Stored items
________________________
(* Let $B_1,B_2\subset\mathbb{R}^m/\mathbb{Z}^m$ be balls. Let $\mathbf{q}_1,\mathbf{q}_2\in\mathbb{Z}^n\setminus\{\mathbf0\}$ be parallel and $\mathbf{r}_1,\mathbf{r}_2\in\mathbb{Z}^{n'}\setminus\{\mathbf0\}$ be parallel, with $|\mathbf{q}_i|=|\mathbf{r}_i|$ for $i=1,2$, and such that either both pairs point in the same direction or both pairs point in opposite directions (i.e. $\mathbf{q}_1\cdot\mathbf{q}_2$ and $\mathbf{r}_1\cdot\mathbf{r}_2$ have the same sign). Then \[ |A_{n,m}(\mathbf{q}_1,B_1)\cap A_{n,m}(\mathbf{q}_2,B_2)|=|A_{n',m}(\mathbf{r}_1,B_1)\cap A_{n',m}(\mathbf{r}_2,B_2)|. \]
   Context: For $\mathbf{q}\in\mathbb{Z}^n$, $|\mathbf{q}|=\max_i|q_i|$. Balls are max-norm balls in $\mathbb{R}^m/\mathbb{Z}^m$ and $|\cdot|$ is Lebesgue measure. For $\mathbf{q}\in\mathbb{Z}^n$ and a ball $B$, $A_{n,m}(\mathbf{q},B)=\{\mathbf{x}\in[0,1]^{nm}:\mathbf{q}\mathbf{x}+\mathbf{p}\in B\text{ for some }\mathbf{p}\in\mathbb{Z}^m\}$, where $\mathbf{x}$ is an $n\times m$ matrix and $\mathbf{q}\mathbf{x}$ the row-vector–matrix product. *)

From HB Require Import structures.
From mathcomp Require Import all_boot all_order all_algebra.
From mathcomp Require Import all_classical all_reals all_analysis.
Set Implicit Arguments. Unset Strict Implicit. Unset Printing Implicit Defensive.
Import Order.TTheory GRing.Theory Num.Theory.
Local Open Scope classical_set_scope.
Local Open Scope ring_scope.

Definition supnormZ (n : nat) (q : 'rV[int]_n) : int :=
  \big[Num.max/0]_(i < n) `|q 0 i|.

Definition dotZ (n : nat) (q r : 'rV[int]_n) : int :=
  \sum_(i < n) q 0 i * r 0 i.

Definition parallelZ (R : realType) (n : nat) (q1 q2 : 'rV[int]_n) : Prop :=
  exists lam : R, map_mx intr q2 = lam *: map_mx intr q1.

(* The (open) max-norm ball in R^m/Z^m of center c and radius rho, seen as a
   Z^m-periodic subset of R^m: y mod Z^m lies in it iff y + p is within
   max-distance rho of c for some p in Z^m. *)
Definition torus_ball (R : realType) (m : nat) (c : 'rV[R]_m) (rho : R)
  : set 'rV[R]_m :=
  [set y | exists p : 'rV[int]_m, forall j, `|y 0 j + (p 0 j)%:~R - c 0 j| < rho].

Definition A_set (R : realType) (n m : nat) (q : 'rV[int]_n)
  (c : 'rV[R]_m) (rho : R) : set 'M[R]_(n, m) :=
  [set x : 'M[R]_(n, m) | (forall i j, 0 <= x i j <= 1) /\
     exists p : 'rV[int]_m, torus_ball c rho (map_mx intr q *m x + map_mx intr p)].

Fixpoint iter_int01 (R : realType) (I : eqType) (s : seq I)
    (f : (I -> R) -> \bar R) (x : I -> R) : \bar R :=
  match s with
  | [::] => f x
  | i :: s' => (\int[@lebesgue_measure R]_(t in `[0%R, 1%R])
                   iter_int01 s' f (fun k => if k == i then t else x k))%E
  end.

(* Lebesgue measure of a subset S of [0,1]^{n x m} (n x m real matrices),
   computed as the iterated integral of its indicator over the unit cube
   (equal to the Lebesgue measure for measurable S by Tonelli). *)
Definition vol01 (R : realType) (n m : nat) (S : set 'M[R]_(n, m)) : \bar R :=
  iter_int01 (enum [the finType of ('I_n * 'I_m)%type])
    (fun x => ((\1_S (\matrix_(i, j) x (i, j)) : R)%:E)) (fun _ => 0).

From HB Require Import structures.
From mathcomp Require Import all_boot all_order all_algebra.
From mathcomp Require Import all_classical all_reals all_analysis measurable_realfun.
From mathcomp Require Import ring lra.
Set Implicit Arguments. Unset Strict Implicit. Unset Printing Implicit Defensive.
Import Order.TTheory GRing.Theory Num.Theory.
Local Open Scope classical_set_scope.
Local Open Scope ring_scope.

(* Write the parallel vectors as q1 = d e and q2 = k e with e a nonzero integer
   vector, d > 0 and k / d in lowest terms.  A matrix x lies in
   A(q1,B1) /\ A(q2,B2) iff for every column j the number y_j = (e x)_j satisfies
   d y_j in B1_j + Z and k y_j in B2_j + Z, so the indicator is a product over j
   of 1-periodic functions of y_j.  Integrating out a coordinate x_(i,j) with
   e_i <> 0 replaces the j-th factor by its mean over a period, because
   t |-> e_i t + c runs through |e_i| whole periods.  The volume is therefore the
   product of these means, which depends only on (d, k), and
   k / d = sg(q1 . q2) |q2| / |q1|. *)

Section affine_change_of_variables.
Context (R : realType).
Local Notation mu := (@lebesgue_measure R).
________________________
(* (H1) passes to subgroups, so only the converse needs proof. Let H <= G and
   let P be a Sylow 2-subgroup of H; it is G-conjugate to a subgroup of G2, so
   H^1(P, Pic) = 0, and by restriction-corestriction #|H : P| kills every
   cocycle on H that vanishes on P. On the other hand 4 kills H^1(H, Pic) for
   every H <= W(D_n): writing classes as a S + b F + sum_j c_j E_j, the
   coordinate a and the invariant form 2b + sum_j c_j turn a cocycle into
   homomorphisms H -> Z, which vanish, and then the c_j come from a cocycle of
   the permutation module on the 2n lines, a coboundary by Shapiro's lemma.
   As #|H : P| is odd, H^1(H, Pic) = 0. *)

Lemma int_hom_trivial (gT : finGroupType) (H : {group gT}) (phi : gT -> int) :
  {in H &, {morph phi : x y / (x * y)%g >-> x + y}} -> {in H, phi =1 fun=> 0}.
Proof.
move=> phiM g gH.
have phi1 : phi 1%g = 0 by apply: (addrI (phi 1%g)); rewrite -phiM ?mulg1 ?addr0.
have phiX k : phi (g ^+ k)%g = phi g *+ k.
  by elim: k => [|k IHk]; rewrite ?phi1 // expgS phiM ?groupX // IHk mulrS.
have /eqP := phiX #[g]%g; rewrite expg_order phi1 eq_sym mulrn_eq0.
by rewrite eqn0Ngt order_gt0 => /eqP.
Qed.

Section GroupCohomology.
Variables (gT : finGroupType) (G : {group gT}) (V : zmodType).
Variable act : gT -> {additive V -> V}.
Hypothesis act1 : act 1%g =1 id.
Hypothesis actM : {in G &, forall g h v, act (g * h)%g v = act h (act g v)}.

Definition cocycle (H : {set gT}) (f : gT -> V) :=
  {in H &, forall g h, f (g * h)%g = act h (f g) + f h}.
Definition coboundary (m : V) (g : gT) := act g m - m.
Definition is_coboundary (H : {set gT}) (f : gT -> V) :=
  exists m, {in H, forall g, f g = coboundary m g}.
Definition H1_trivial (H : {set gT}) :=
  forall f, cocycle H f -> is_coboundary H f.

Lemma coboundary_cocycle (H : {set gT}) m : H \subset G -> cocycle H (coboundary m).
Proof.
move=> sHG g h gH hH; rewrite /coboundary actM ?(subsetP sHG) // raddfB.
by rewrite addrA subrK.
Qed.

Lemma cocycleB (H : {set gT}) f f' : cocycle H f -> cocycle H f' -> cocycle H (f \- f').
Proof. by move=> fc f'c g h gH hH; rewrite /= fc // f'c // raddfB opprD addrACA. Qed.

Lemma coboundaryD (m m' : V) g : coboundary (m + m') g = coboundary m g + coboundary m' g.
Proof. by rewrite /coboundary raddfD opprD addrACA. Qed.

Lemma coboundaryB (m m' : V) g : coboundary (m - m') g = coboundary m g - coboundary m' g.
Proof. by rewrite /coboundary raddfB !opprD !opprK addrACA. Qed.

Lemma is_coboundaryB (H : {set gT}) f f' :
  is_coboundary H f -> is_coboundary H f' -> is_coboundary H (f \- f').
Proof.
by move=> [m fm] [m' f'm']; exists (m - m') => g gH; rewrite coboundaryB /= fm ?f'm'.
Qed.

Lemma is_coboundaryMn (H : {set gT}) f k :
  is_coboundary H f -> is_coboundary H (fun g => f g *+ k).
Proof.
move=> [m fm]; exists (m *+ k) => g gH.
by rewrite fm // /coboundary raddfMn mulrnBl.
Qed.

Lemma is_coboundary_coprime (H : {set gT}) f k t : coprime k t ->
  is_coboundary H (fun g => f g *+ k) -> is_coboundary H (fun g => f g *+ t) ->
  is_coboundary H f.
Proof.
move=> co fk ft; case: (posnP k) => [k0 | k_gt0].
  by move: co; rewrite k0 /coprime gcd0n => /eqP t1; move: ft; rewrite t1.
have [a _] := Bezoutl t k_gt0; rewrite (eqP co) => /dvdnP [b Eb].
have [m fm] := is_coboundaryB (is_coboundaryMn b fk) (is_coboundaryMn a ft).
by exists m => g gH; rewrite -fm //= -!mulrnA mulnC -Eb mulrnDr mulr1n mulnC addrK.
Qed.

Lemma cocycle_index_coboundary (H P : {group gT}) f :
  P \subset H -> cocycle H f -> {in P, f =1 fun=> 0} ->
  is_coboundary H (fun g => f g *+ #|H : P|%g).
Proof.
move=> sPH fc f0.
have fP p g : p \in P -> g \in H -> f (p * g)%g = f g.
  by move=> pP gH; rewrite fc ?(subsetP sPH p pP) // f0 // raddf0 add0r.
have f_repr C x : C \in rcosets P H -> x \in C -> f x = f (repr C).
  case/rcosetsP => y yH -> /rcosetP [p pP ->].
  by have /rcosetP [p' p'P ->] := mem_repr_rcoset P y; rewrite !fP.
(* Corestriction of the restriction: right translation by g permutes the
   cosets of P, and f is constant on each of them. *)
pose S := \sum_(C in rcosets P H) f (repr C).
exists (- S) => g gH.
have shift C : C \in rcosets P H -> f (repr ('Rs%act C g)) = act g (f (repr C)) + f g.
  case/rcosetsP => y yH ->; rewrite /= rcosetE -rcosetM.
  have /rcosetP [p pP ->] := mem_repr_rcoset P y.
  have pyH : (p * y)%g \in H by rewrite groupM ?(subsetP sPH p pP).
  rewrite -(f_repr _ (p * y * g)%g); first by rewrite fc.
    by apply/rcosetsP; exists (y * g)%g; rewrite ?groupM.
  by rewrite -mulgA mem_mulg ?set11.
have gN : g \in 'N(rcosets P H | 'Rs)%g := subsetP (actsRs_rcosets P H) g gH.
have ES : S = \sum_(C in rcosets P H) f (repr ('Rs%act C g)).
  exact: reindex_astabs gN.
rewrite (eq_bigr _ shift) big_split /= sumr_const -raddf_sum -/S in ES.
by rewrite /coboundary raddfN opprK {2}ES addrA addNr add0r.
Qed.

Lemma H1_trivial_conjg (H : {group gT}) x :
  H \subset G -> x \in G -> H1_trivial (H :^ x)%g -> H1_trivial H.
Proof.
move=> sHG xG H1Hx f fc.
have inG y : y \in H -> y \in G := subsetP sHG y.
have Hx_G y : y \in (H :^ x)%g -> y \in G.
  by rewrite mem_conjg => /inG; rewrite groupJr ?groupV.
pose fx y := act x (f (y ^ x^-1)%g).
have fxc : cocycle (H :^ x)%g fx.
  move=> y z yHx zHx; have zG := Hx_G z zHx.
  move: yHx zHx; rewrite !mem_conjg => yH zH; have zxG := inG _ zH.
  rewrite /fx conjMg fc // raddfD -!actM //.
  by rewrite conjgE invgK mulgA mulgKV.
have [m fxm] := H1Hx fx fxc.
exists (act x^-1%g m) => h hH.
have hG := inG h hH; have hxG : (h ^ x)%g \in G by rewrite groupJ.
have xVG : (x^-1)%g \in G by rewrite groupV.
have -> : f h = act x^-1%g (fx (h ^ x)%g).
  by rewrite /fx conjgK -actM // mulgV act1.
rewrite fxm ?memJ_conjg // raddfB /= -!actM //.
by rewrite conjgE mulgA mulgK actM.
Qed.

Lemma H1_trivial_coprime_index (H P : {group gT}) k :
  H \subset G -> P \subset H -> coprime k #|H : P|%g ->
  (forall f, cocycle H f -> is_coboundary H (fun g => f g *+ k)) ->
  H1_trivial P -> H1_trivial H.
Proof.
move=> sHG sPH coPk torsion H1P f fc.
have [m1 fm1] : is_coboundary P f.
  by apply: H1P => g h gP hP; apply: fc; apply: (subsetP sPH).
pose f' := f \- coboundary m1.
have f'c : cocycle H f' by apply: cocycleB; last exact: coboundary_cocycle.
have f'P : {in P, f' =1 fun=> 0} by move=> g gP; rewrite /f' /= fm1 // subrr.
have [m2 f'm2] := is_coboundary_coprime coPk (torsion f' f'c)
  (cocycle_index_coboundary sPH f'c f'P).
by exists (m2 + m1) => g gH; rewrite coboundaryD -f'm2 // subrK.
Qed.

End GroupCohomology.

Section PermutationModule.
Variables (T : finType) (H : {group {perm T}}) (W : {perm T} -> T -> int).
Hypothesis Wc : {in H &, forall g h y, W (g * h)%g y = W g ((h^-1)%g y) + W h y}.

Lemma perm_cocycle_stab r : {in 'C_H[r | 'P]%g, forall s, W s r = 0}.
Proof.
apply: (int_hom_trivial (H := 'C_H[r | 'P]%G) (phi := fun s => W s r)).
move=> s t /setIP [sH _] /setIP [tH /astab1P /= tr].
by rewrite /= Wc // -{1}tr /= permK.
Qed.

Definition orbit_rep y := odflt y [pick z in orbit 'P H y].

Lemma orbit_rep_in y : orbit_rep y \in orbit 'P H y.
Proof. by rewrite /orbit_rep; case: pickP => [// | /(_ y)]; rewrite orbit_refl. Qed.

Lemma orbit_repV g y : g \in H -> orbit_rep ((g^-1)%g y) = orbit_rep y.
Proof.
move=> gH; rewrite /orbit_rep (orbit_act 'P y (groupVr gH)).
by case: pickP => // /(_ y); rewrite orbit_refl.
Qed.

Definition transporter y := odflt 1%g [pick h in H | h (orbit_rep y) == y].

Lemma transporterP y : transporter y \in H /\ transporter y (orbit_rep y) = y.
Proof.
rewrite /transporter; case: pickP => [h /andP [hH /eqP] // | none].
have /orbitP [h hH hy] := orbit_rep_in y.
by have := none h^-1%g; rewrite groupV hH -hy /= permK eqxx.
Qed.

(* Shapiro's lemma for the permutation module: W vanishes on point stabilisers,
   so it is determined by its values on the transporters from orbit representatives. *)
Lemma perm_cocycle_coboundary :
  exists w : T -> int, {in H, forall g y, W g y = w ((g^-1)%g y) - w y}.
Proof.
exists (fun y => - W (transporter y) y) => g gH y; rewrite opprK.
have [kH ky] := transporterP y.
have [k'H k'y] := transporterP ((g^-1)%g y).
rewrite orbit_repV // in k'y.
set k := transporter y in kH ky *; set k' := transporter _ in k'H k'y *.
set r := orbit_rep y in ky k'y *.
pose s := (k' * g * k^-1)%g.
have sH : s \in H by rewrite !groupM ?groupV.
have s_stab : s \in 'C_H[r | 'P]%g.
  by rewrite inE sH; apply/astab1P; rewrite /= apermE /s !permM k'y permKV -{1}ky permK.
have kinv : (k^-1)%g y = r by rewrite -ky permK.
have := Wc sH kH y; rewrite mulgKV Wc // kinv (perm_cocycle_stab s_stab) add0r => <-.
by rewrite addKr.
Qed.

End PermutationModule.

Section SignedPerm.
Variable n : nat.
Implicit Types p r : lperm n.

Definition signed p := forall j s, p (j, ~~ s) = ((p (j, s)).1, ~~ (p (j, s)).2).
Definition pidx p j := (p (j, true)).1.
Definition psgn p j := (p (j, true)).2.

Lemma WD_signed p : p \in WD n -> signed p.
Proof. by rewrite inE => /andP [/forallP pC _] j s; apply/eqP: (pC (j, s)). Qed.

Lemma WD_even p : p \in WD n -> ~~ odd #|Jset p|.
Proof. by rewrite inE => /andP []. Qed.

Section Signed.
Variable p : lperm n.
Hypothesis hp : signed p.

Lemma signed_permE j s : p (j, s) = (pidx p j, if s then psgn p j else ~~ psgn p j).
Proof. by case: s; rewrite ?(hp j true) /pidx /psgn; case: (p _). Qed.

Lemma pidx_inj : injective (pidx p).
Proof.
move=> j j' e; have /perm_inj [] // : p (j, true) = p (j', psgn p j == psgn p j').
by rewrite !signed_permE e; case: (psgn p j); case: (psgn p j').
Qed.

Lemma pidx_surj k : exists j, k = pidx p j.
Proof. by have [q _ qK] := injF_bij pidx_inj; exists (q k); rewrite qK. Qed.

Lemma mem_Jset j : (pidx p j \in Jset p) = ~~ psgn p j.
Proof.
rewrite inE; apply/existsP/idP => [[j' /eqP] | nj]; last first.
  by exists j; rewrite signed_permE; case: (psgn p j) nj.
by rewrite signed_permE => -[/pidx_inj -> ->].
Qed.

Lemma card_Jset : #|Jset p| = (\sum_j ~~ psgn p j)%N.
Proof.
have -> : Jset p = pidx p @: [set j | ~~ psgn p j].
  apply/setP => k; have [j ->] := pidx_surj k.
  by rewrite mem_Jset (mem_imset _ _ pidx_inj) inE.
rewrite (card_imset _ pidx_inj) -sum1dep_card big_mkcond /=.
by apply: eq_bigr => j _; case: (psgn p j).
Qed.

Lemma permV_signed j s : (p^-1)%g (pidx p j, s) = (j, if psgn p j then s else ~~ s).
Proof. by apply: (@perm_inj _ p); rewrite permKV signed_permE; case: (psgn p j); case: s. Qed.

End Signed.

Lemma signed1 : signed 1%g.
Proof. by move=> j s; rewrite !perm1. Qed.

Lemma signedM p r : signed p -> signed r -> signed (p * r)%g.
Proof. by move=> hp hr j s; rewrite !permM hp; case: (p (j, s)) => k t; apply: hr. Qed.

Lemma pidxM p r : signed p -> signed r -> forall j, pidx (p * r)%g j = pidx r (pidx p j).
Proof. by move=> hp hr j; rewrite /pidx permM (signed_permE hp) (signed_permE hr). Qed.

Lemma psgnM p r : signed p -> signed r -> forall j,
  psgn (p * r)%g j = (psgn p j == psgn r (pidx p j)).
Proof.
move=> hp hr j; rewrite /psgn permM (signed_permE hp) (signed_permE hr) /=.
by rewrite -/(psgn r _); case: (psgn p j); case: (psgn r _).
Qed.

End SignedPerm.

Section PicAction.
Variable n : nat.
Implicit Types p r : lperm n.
________________________
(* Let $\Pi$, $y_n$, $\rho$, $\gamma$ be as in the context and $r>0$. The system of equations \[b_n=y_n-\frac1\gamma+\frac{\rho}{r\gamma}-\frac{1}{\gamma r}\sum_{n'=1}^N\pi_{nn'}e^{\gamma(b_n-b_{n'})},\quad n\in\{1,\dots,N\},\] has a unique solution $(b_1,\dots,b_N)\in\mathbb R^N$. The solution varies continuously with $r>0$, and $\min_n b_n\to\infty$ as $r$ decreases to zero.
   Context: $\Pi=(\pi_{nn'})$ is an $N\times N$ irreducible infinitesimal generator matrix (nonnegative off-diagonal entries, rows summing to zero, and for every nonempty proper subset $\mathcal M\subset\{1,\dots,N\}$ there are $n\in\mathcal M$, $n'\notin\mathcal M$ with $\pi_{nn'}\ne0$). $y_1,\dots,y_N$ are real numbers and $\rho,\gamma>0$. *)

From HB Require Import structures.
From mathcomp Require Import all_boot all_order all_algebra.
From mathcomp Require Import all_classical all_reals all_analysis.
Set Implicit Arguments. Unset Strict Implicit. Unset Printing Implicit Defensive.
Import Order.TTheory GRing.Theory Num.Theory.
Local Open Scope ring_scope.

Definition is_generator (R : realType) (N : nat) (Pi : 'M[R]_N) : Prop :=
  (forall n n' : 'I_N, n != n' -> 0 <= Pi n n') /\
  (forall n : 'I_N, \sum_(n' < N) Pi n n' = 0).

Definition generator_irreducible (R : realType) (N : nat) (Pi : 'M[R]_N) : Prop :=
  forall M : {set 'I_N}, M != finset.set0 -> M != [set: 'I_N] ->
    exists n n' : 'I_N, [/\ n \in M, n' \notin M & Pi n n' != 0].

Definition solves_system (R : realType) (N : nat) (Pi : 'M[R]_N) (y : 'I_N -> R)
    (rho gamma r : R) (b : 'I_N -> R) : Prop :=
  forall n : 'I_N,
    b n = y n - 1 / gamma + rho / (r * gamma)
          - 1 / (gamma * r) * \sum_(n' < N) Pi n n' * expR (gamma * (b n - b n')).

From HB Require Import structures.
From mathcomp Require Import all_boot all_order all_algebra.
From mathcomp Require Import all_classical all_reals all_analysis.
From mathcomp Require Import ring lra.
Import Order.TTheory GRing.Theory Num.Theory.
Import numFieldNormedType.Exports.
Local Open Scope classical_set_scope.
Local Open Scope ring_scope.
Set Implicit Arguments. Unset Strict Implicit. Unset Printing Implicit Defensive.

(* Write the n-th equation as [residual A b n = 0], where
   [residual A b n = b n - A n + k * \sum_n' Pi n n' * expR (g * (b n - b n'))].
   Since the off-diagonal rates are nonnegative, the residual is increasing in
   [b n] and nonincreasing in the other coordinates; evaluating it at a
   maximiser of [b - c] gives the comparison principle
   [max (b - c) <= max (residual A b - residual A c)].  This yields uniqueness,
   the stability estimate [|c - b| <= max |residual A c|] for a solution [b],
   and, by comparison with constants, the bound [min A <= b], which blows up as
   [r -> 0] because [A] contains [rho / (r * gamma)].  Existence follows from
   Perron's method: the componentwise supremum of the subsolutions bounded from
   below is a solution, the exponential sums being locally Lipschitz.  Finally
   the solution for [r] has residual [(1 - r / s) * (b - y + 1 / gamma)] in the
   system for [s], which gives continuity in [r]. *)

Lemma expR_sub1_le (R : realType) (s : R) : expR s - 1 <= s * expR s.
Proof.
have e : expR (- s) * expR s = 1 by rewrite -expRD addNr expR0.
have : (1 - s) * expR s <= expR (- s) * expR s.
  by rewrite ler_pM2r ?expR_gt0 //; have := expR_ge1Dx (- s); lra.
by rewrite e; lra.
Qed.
________________________
- **Problem statement**: Using the data above, transcribe the lines that run from the line with "have kinv : (k^-1)%g" to the line with "Lemma WD_signed p : p \in WD n -> signed p.", both ends kept, and output nothing else.

- **Answer section**:
have kinv : (k^-1)%g y = r by rewrite -ky permK.
have := Wc sH kH y; rewrite mulgKV Wc // kinv (perm_cocycle_stab s_stab) add0r => <-.
by rewrite addKr.
Qed.

End PermutationModule.

Section SignedPerm.
Variable n : nat.
Implicit Types p r : lperm n.

Definition signed p := forall j s, p (j, ~~ s) = ((p (j, s)).1, ~~ (p (j, s)).2).
Definition pidx p j := (p (j, true)).1.
Definition psgn p j := (p (j, true)).2.

Lemma WD_signed p : p \in WD n -> signed p.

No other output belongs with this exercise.